> Supplied information:
Lemma nonsq_count_addn (w : K) (b : n.-tuple V) k : ~~ is_square w -> orth_basis d b ->
  (nonsq_count d b + 2 * k <= n)%N ->
  exists b', orth_basis d b' /\ nonsq_count d b' = (nonsq_count d b + 2 * k)%N.
Proof.
move=> nsq_w; elim: k => [|k IHk] bb le_n; first by exists b; rewrite addn0.
have [|b1 [bb1 s1]] := IHk bb; first lia.
have [|b2 [bb2 s2]] := nonsq_count_add2 nsq_w bb1; first by rewrite s1; lia.
by exists b2; split=> //; rewrite s2 s1; lia.
Qed.

Lemma odd_nonsq_count (w : K) c (b : n.-tuple V) : ~~ is_square w ->
  disc_is d (w ^+ c) -> orth_basis d b -> odd (nonsq_count d b) = odd c.
Proof.
move=> nsq_w [b0 [bb0 [u [u0 det_b0]]]] [bb orthb].
have aniso := orth_basis_anisotropic_diag formDZl form_sym ndd (conj bb orthb).
have det_b := det_gram_orthogonal orthb.
have sq_det : is_square (\det (gram d b)) = ~~ odd (nonsq_count d b).
  by rewrite det_b is_square_prod.
have det0 : \det (gram d b) != 0 by rewrite det_b; apply/prodf_neq0.
move: sq_det det0; rewrite (gram_change_basis formDZl form_sym b bb0) !det_mulmx det_tr det_b0.
set P := \det _; have -> : P * (w ^+ c * u ^+ 2) * P = w ^+ c * (u * P) ^+ 2 by ring.
rewrite mulf_eq0 negb_or sqrf_eq0 => sq_det /andP[_ uP0].
by move: sq_det; rewrite is_squareMsqr // is_squareX_nonsquare // => /negb_inj ->.
Qed.

Lemma is_address_iff (w : K) c : ~~ is_square w -> (c <= 1)%N -> disc_is d (w ^+ c) ->
  forall p, is_address d p <->
    exists k, (c + 2 * k <= n)%N /\ p = ((n - (c + 2 * k))%N, (c + 2 * k)%N).
Proof.
move=> nsq_w c_le1 disc_d p; split.
  move=> [b [bb ->]]; have odd_s := odd_nonsq_count nsq_w disc_d bb.
  have le_s : (nonsq_count d b <= n)%N by rewrite -[n]card_ord max_card.
  have e := parity_decomp c_le1 odd_s.
  by exists (nonsq_count d b)./2; rewrite -e.
move=> [k [le_n ->]].
have [b0 bb0] := exists_orth_basis formDZl form_sym two_neq0 ndd.
have odd_s0 := odd_nonsq_count nsq_w disc_d bb0.
have e0 := parity_decomp c_le1 odd_s0.
have [|b1 [bb1 s1]] := nonsq_count_subn (k := (nonsq_count d b0)./2) bb0.
  by rewrite {2}e0 leq_addl.
have {}s1 : nonsq_count d b1 = c by rewrite s1 {1}e0 addnK.
have [|b2 [bb2 s2]] := nonsq_count_addn (k := k) nsq_w bb1; first by rewrite s1.
by exists b2; split=> //; rewrite s2 s1.
Qed.

End Addresses.

Theorem corollary6p3 (K : finFieldType) (V : vectType K) (d : V -> V -> K)
  (omega : K) (c : nat) :
  ~~ (2%N \in [pchar K]) ->
  ~~ is_square omega ->
  sym_bilinear d -> nondeg_form d ->
  (c <= 1)%N ->
  disc_is d (omega ^+ c) ->
  (forall p : nat * nat, is_address d p <->
     exists k : nat, (c + 2 * k <= \dim (fullv : {vspace V}))%N /\
       p = ((\dim (fullv : {vspace V}) - (c + 2 * k))%N, (c + 2 * k)%N)) /\
  (exists s : seq (nat * nat), uniq s /\ (forall p, p \in s <-> is_address d p) /\
     size s = (1 + (\dim (fullv : {vspace V}) - c)./2)%N).
Proof.
move=> pchar2 nsq_omega [formDZl [_ form_sym]] ndd c_le1 disc_d.
have two_neq0 : (2%:R : K) != 0 by apply: contraNneq pchar2 => two0; rewrite inE two0 eqxx.
have addrE := is_address_iff two_neq0 formDZl form_sym ndd nsq_omega c_le1 disc_d.
split=> //; set n := \dim fullv.
have [b0 bb0] := exists_orth_basis formDZl form_sym two_neq0 ndd.
have /addrE[k0 [le_n _]] : is_address d (n - nonsq_count d b0, nonsq_count d b0)%N.
  by exists b0.
exists [seq ((n - (c + 2 * k))%N, (c + 2 * k)%N) | k <- iota 0 (1 + (n - c)./2)].
split; last split; last by rewrite size_map size_iota.
- by rewrite map_inj_uniq ?iota_uniq // => k1 k2 [_]; lia.
move=> p; rewrite addrE; split.
  by move=> /mapP[k]; rewrite mem_iota -divn2 => lt_k ->; exists k; split=> //; lia.
by move=> [k [le_k ->]]; apply/mapP; exists k => //; rewrite mem_iota -divn2; lia.
Qed.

> Exercise: The entries above must be copied verbatim. Leave none out.

> Exercise result:
Lemma nonsq_count_addn (w : K) (b : n.-tuple V) k : ~~ is_square w -> orth_basis d b ->
  (nonsq_count d b + 2 * k <= n)%N ->
  exists b', orth_basis d b' /\ nonsq_count d b' = (nonsq_count d b + 2 * k)%N.
Proof.
move=> nsq_w; elim: k => [|k IHk] bb le_n; first by exists b; rewrite addn0.
have [|b1 [bb1 s1]] := IHk bb; first lia.
have [|b2 [bb2 s2]] := nonsq_count_add2 nsq_w bb1; first by rewrite s1; lia.
by exists b2; split=> //; rewrite s2 s1; lia.
Qed.

Lemma odd_nonsq_count (w : K) c (b : n.-tuple V) : ~~ is_square w ->
  disc_is d (w ^+ c) -> orth_basis d b -> odd (nonsq_count d b) = odd c.
Proof.
move=> nsq_w [b0 [bb0 [u [u0 det_b0]]]] [bb orthb].
have aniso := orth_basis_anisotropic_diag formDZl form_sym ndd (conj bb orthb).
have det_b := det_gram_orthogonal orthb.
have sq_det : is_square (\det (gram d b)) = ~~ odd (nonsq_count d b).
  by rewrite det_b is_square_prod.
have det0 : \det (gram d b) != 0 by rewrite det_b; apply/prodf_neq0.
move: sq_det det0; rewrite (gram_change_basis formDZl form_sym b bb0) !det_mulmx det_tr det_b0.
set P := \det _; have -> : P * (w ^+ c * u ^+ 2) * P = w ^+ c * (u * P) ^+ 2 by ring.
rewrite mulf_eq0 negb_or sqrf_eq0 => sq_det /andP[_ uP0].
by move: sq_det; rewrite is_squareMsqr // is_squareX_nonsquare // => /negb_inj ->.
Qed.

Lemma is_address_iff (w : K) c : ~~ is_square w -> (c <= 1)%N -> disc_is d (w ^+ c) ->
  forall p, is_address d p <->
    exists k, (c + 2 * k <= n)%N /\ p = ((n - (c + 2 * k))%N, (c + 2 * k)%N).
Proof.
move=> nsq_w c_le1 disc_d p; split.
  move=> [b [bb ->]]; have odd_s := odd_nonsq_count nsq_w disc_d bb.
  have le_s : (nonsq_count d b <= n)%N by rewrite -[n]card_ord max_card.
  have e := parity_decomp c_le1 odd_s.
  by exists (nonsq_count d b)./2; rewrite -e.
move=> [k [le_n ->]].
have [b0 bb0] := exists_orth_basis formDZl form_sym two_neq0 ndd.
have odd_s0 := odd_nonsq_count nsq_w disc_d bb0.
have e0 := parity_decomp c_le1 odd_s0.
have [|b1 [bb1 s1]] := nonsq_count_subn (k := (nonsq_count d b0)./2) bb0.
  by rewrite {2}e0 leq_addl.
have {}s1 : nonsq_count d b1 = c by rewrite s1 {1}e0 addnK.
have [|b2 [bb2 s2]] := nonsq_count_addn (k := k) nsq_w bb1; first by rewrite s1.
by exists b2; split=> //; rewrite s2 s1.
Qed.

End Addresses.

Theorem corollary6p3 (K : finFieldType) (V : vectType K) (d : V -> V -> K)
  (omega : K) (c : nat) :
  ~~ (2%N \in [pchar K]) ->
  ~~ is_square omega ->
  sym_bilinear d -> nondeg_form d ->
  (c <= 1)%N ->
  disc_is d (omega ^+ c) ->
  (forall p : nat * nat, is_address d p <->
     exists k : nat, (c + 2 * k <= \dim (fullv : {vspace V}))%N /\
       p = ((\dim (fullv : {vspace V}) - (c + 2 * k))%N, (c + 2 * k)%N)) /\
  (exists s : seq (nat * nat), uniq s /\ (forall p, p \in s <-> is_address d p) /\
     size s = (1 + (\dim (fullv : {vspace V}) - c)./2)%N).
Proof.
move=> pchar2 nsq_omega [formDZl [_ form_sym]] ndd c_le1 disc_d.
have two_neq0 : (2%:R : K) != 0 by apply: contraNneq pchar2 => two0; rewrite inE two0 eqxx.
have addrE := is_address_iff two_neq0 formDZl form_sym ndd nsq_omega c_le1 disc_d.
split=> //; set n := \dim fullv.
have [b0 bb0] := exists_orth_basis formDZl form_sym two_neq0 ndd.
have /addrE[k0 [le_n _]] : is_address d (n - nonsq_count d b0, nonsq_count d b0)%N.
  by exists b0.
exists [seq ((n - (c + 2 * k))%N, (c + 2 * k)%N) | k <- iota 0 (1 + (n - c)./2)].
split; last split; last by rewrite size_map size_iota.
- by rewrite map_inj_uniq ?iota_uniq // => k1 k2 [_]; lia.
move=> p; rewrite addrE; split.
  by move=> /mapP[k]; rewrite mem_iota -divn2 => lt_k ->; exists k; split=> //; lia.
by move=> [k [le_k ->]]; apply/mapP; exists k => //; rewrite mem_iota -divn2; lia.
Qed.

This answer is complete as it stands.